Accertify’s Dynamic Risk Vector Community Data Capability is designed to be a safe manner that Clients can share and gain the value of community data.
Value to merchants:
• Less fraud incurred both by count and amount
• More transactions approved without Merchant Analyst review – yielding lower operational costs and increased sales
• Dynamic decisioning requires less time invested to change decisioning strategies to constantly stay on top of latest fraud trends
Value to stakeholders:
• Consumers who shop at client ecommerce sites are better protected from fraudulent purchases on their payment cards – enabling them with improved confidence in ecommerce and fewer hassles with having to process fraud claims on their payment cards
• Banks and card issuers incur fewer fraud claims on their cards issued – enabling fewer operational costs and improved customer service experience with their merchant relationship
How we are different
Accertify is a leading provider of fraud prevention, chargeback management, digital identity and payment gateway solutions to customers spanning ecommerce, financial services, and other diverse industries worldwide. The Machine Learning model provides:
1. Innovation:
(a.) Speed of execution – Enabling this solution required significant investment in hardware and software to be able to aggregate, accumulate and calculate statistics on massive volumes of inbound transactions – and make the calculated statistics available for use in the current transaction in milliseconds of time.

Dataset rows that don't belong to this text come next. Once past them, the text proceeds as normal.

Lemma pulls_outZ k f : 0 <= k -> pulls_out f -> pulls_out (fun x => k * f x).
Proof.
move=> k0 [mf f0 hf]; split.
- exact: measurable_funM.
- by move=> x; rewrite mulr_ge0.
under eq_integral do rewrite -mulrA EFinM.
under [X in (_ <= _ * X)%E]eq_integral do rewrite EFinM.
rewrite !ge0_integralZl_EFin //; do ?[by move=> x _; rewrite lee_fin ?mulr_ge0];
  do ?[exact: measurable_mulQ]; do ?[exact/measurable_EFinP].
by rewrite muleCA lee_wpmul2l ?lee_fin.
Qed.

Lemma pulls_out_sum (I : Type) (s : seq I) (f : I -> T -> R) :
  (forall i, pulls_out (f i)) -> pulls_out (fun x => \sum_(i <- s) f i x).
Proof.
move=> hf; elim: s => [|i s ih].
  by under eq_fun do rewrite big_nil; exact: pulls_out0.
by under eq_fun do rewrite big_cons; exact: pulls_outD.
Qed.

Lemma pulls_out_indic A : G A -> pulls_out (\1_A).
Proof.
move=> GA; have mA := GM GA; split.
- exact: measurable_indic.
- by move=> x; rewrite indicE.
rewrite integral_indic // setIT.
rewrite (eq_integral ((EFin \o Q) \_ A)); last first.
  by move=> x _; rewrite patchE indicE; case: (x \in A); rewrite /= ?mul1r ?mul0r.
by rewrite -integral_mkcond; exact: intQ_le.
Qed.

Let G_measurable_EFin Z (B : set \bar R) : G_measurable G Z -> measurable B ->
  G ((EFin \o Z) @^-1` B).
Proof.
move=> GZ mB; rewrite comp_preimage; apply: GZ.
by rewrite -[X in measurable X]setTI; exact: EFin_measurable.
Qed.

Lemma pulls_out_approx Z n : G_measurable G Z ->
  pulls_out (approx setT (EFin \o Z) n).
Proof.
move=> GZ; apply: pulls_outD.
  apply: pulls_out_sum => k; apply: pulls_outZ => //; apply: pulls_out_indic.
  rewrite /dyadic_approx; case: ifP => _ //; rewrite setTI -preimage_comp.
  by apply: G_measurable_EFin => //; apply: measurable_image_EFin; exact: measurable_itv.
apply: pulls_outZ => //; apply: pulls_out_indic; rewrite /integer_approx setTI.
rewrite (_ : [set x | _] = Z @^-1` `[n%:R, +oo[); first exact: GZ (measurable_itv _).
by apply/seteqP; split => x; rewrite /= in_itv /= andbT lee_fin.
Qed.

Lemma le_integral_pullout Z : (forall x, 0 <= Z x) -> G_measurable G Z ->
  (\int[P]_x (Z x * Q x)%:E <= c%:E * \int[P]_x (Z x)%:E)%E.
Proof.
move=> Z0 GZ.
have mZ : measurable_fun setT Z by exact: G_measurable_fun GZ.
have Z0' x : setT x -> (0 <= (EFin \o Z) x)%E by rewrite lee_fin.
pose a := approx setT (EFin \o Z).
have a_pulls n : pulls_out (a n) := pulls_out_approx n GZ.
have a_ge0 n x : 0 <= a n x by case: (a_pulls n).
have a_nd x : {homo a^~ x : n m / (n <= m)%N >-> n <= m}.
  by move=> n m nm; have /lefP := nd_approx setT (EFin \o Z) nm; exact.
have aQ_nd x : {homo (fun n => (a n x * Q x)%:E) : n m / (n <= m)%N >-> (n <= m)%E}.
  by move=> n m nm; rewrite lee_fin ler_wpM2r // a_nd.
have -> : (\int[P]_x (Z x * Q x)%:E = \int[P]_x limn (fun n => (a n x * Q x)%:E))%E.
  apply: eq_integral => x _; apply/esym/cvg_lim => //.
  apply: cvg_EFin; first exact: nearW.
  by apply: cvgMl; exact: (cvg_approx Z0' _ (ltry _)).
have a_meas n : measurable_fun setT (a n) by case: (a_pulls n).
have aQ_meas n : measurable_fun setT (fun x => (a n x * Q x)%:E).
  by apply/measurable_EFinP; exact: measurable_funM.
rewrite monotone_convergence //; last by move=> n x _; rewrite lee_fin mulr_ge0.
apply: lime_le.
  apply: ereal_nondecreasing_is_cvgn => n m nm; apply: ge0_le_integral => //.
  - by move=> x _; rewrite lee_fin mulr_ge0.
  - by move=> x _; exact: aQ_nd.
apply: nearW => n; case: (a_pulls n) => _ _ /le_trans; apply.
apply: lee_wpmul2l; first by rewrite lee_fin.
apply: ge0_le_integral => //; do ?[by move=> x _; rewrite lee_fin].
- exact/(measurable_EFinP setT (a n)).
- exact/(measurable_EFinP setT Z).
- by move=> x _; exact: le_approx.
Qed.

End pull_out.

Lemma integral_le_ae_bound d (T : measurableType d) (R : realType)
    (mu : {measure set T -> \bar R}) (A : set T) (f : T -> R) (s : R) :
  measurable A -> 0 <= s -> measurable_fun A (fun x => (f x)%:E) ->
  {ae mu, forall x, f x <= s} -> (\int[mu]_(x in A) (f x)%:E <= s%:E * mu A)%E.
Proof.
move=> mA s_ge0 mf f_le; rewrite integralE -integral_cst //.
apply: (@le_trans _ _ (\int[mu]_(x in A) (fun x => (f x)%:E)^\+ x)%E).
  by rewrite -[leRHS]sube0 leeB // integral_ge0.
apply: ae_ge0_le_integral.
- exact: mA.
- by move=> x _; exact: funepos_ge0.
- exact: measurable_funepos.
- by move=> x _; rewrite lee_fin.
- exact: measurable_cst.
- by apply: filterS f_le => x fx _; rewrite funeposE /= ge_max !lee_fin fx.
Qed.

Section conditional_quadratic.
Context d (T : measurableType d) (R : realType) (P : probability T R).
Variables (G : set (set T)) (Xs Y : T -> R) (mu s2 : R).
Hypotheses (GM : G `<=` measurable) (s2_ge0 : 0 <= s2)
  (Xs_mean : is_cond_exp P G Xs (fun=> mu))
  (Xs_var : is_cond_exp P G (fun x => (Xs x - mu) ^+ 2) Y)
  (Y_le : {ae P, forall x, Y x <= s2}).

Lemma integral_centered_quadratic_le (a b e : R) A : 0 <= e -> G A ->
  (\int[P]_(x in A) (a + b * (Xs x - mu) + e * (Xs x - mu) ^+ 2)%:E
     <= (a + e * s2)%:E * P A)%E.
Proof.
move=> e_ge0 GA; have mA := GM GA.
have [_ iX _ X_mean] := Xs_mean; have [_ iU2 iY U2_var] := Xs_var.
have sub_int h : P.-integrable setT h -> P.-integrable A h.
  exact: integrableS measurableT mA (subsetT A).
have iC k : P.-integrable A (fun=> k%:E) := finite_measure_integrable_cst P k mA.
have iU : P.-integrable A (fun x => (Xs x - mu)%:E).
  apply: (eq_integrable mA (fun x => (Xs x)%:E - mu%:E)%E) => //.
  by apply: integrableB => //; exact: sub_int.
have U_int0 : (\int[P]_(x in A) (Xs x - mu)%:E = 0)%E.
  rewrite (eq_integral (fun x => (Xs x)%:E - (fun=> mu%:E) x)%E) //.
  rewrite integralB //; last exact: sub_int.
  by rewrite (X_mean A GA) subee // integral_cst // fin_numM ?fin_num_measure.
rewrite (eq_integral (fun x =>
  a%:E + b%:E * (Xs x - mu)%:E + e%:E * ((Xs x - mu) ^+ 2)%:E)%E); last first.
  by move=> x _; rewrite -!EFinM -!EFinD.
have ibU : P.-integrable A (fun x => b%:E * (Xs x - mu)%:E)%E.
  exact: integrableZl.
have ieU2 : P.-integrable A (fun x => e%:E * ((Xs x - mu) ^+ 2)%:E)%E.
  by apply: integrableZl => //; exact: sub_int.
rewrite integralD //; last exact: integrableD.
rewrite integralD // !integralZl //; last exact: sub_int.
rewrite U_int0 mule0 adde0 integral_cst // (U2_var A GA).
rewrite EFinD muleDl ?fin_num_measure // leeD2l ?fin_numM ?fin_num_measure //.
rewrite EFinM -muleA lee_wpmul2l ?lee_fin //.
apply: integral_le_ae_bound => //.
by case/integrableP: iY => mY _; exact: measurable_funS mY.
Qed.

End conditional_quadratic.

Lemma expR_catoni_le (R : realType) (phi : R -> R) (sg y : R) :
  catoni_type phi -> sg = 1 \/ sg = -1 ->
  expR (sg * phi y) <= 1 + sg * y + y ^+ 2 / 2.
Proof.
move=> [_ /(_ y) [phi_ge phi_le]] [->|->].
  have q_gt0 : 0 < 1 + y + y ^+ 2 / 2 by nra.
  by rewrite !mul1r -ler_ln ?posrE ?expR_gt0 // expRK.
have q_gt0 : 0 < 1 - y + y ^+ 2 / 2 by nra.
by rewrite !mulN1r -ler_ln ?posrE ?expR_gt0 // expRK lerNl.
Qed.

Section catoni_exponential_supermartingale.
Context d (T : measurableType d) (R : realType) (P : probability T R).
Variables (F : nat -> set (set T)) (X : nat -> T -> R) (mu sigma : R)
  (phi : R -> R) (lam : nat -> R).
Hypotheses (F_filtration : filtration F)
  (X_adapted : forall s, (0 < s)%N -> G_measurable (F s) (X s))
  (X_mean : forall s, (0 < s)%N -> is_cond_exp P (F s.-1) (X s) (fun _ => mu))
  (X_var : forall s, (0 < s)%N -> exists Y : T -> R,
      is_cond_exp P (F s.-1) (fun w => (X s w - mu) ^+ 2) Y /\
      {ae P, forall w, Y w <= sigma ^+ 2})
  (phi_catoni : catoni_type phi).

Let F_sigma s : sigma_algebra setT (F s).
Proof. by case: F_filtration => /(_ s) []. Qed.

Let F_measurable s : F s `<=` measurable.
Proof. by case: F_filtration => /(_ s) []. Qed.

Let F_set0 s : F s set0.
Proof. by case: (F_sigma s). Qed.

Let F_nondecreasing s : F s `<=` F s.+1.
Proof. by case: F_filtration => _; apply. Qed.

Lemma catoni_sum_G_measurable m t :
  G_measurable (F t) (fun w => catoni_sum phi lam (X^~ w) m t).
Proof.
elim: t => [|t IH].
  apply/G_measurableP => //; rewrite (_ : (fun w => _) = cst 0) //.
  by apply/funext => w; rewrite /catoni_sum big_geq.
have -> : (fun w => catoni_sum phi lam (X^~ w) m t.+1) =
    (fun w => catoni_sum phi lam (X^~ w) m t)
    \+ ((fun x : R => phi (lam t.+1 * (x - m))) \o X t.+1).
  by apply/funext => w; rewrite /catoni_sum big_nat_recr.
apply/G_measurableP => //; apply: measurable_funD; apply/G_measurableP => //.
  exact: G_measurableS IH.
apply: G_measurable_comp; last exact: X_adapted.
apply: measurableT_comp; first exact: nondecreasing_measurable phi_catoni.1.
by apply: measurable_funM => //; exact: measurable_funB.
Qed.

Lemma measurable_catoni_sum m t :
  measurable_fun setT (fun w => catoni_sum phi lam (X^~ w) m t).
Proof. exact: G_measurable_fun (catoni_sum_G_measurable m t). Qed.

Lemma catoni_step_le (sg m : R) s A : sg = 1 \/ sg = -1 -> F s A ->
  (\int[P]_(w in A) (1 + sg * (lam s.+1 * (X s.+1 w - m))
                        + (lam s.+1 * (X s.+1 w - m)) ^+ 2 / 2)%:E
   <= (1 + sg * lam s.+1 * (mu - m)
       + lam s.+1 ^+ 2 * (sigma ^+ 2 + (mu - m) ^+ 2) / 2)%:E * P A)%E.
Proof.
move=> sg2 FA; have [Y [Y_var Y_le]] := X_var (ltn0Sn s).
set l := lam s.+1; set r := l * (mu - m).
have e_ge0 : 0 <= l ^+ 2 / 2 by rewrite divr_ge0 ?sqr_ge0.
rewrite (eq_integral (fun w => (1 + sg * r + r ^+ 2 / 2 + (sg * l + l * r) *
  (X s.+1 w - mu) + l ^+ 2 / 2 * (X s.+1 w - mu) ^+ 2)%:E)); last first.
  by move=> w _; congr EFin; rewrite /r; field.
have -> : 1 + sg * l * (mu - m) + l ^+ 2 * (sigma ^+ 2 + (mu - m) ^+ 2) / 2 =
          1 + sg * r + r ^+ 2 / 2 + l ^+ 2 / 2 * sigma ^+ 2 by rewrite /r; field.
exact: (integral_centered_quadratic_le (@F_measurable s) (sqr_ge0 sigma)
  (X_mean (ltn0Sn s)) Y_var Y_le (1 + sg * r + r ^+ 2 / 2) (sg * l + l * r) e_ge0 FA).
Qed.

(b.) Vast network of ecommerce community participants – Accertify’s leading ecommerce clients across industries participate in this capability – enabling a wide network of cross industry global intelligence
(c.) Dynamic Nature of solution - Industry Machine Learning models are tuned to take advantage of the Dynamic Risk Vectors to enable clients to dynamically adjust decisioning as risk patterns fluctuate – identifying risk as the fraud trends rise and relaxing controls as the fraud trends subside.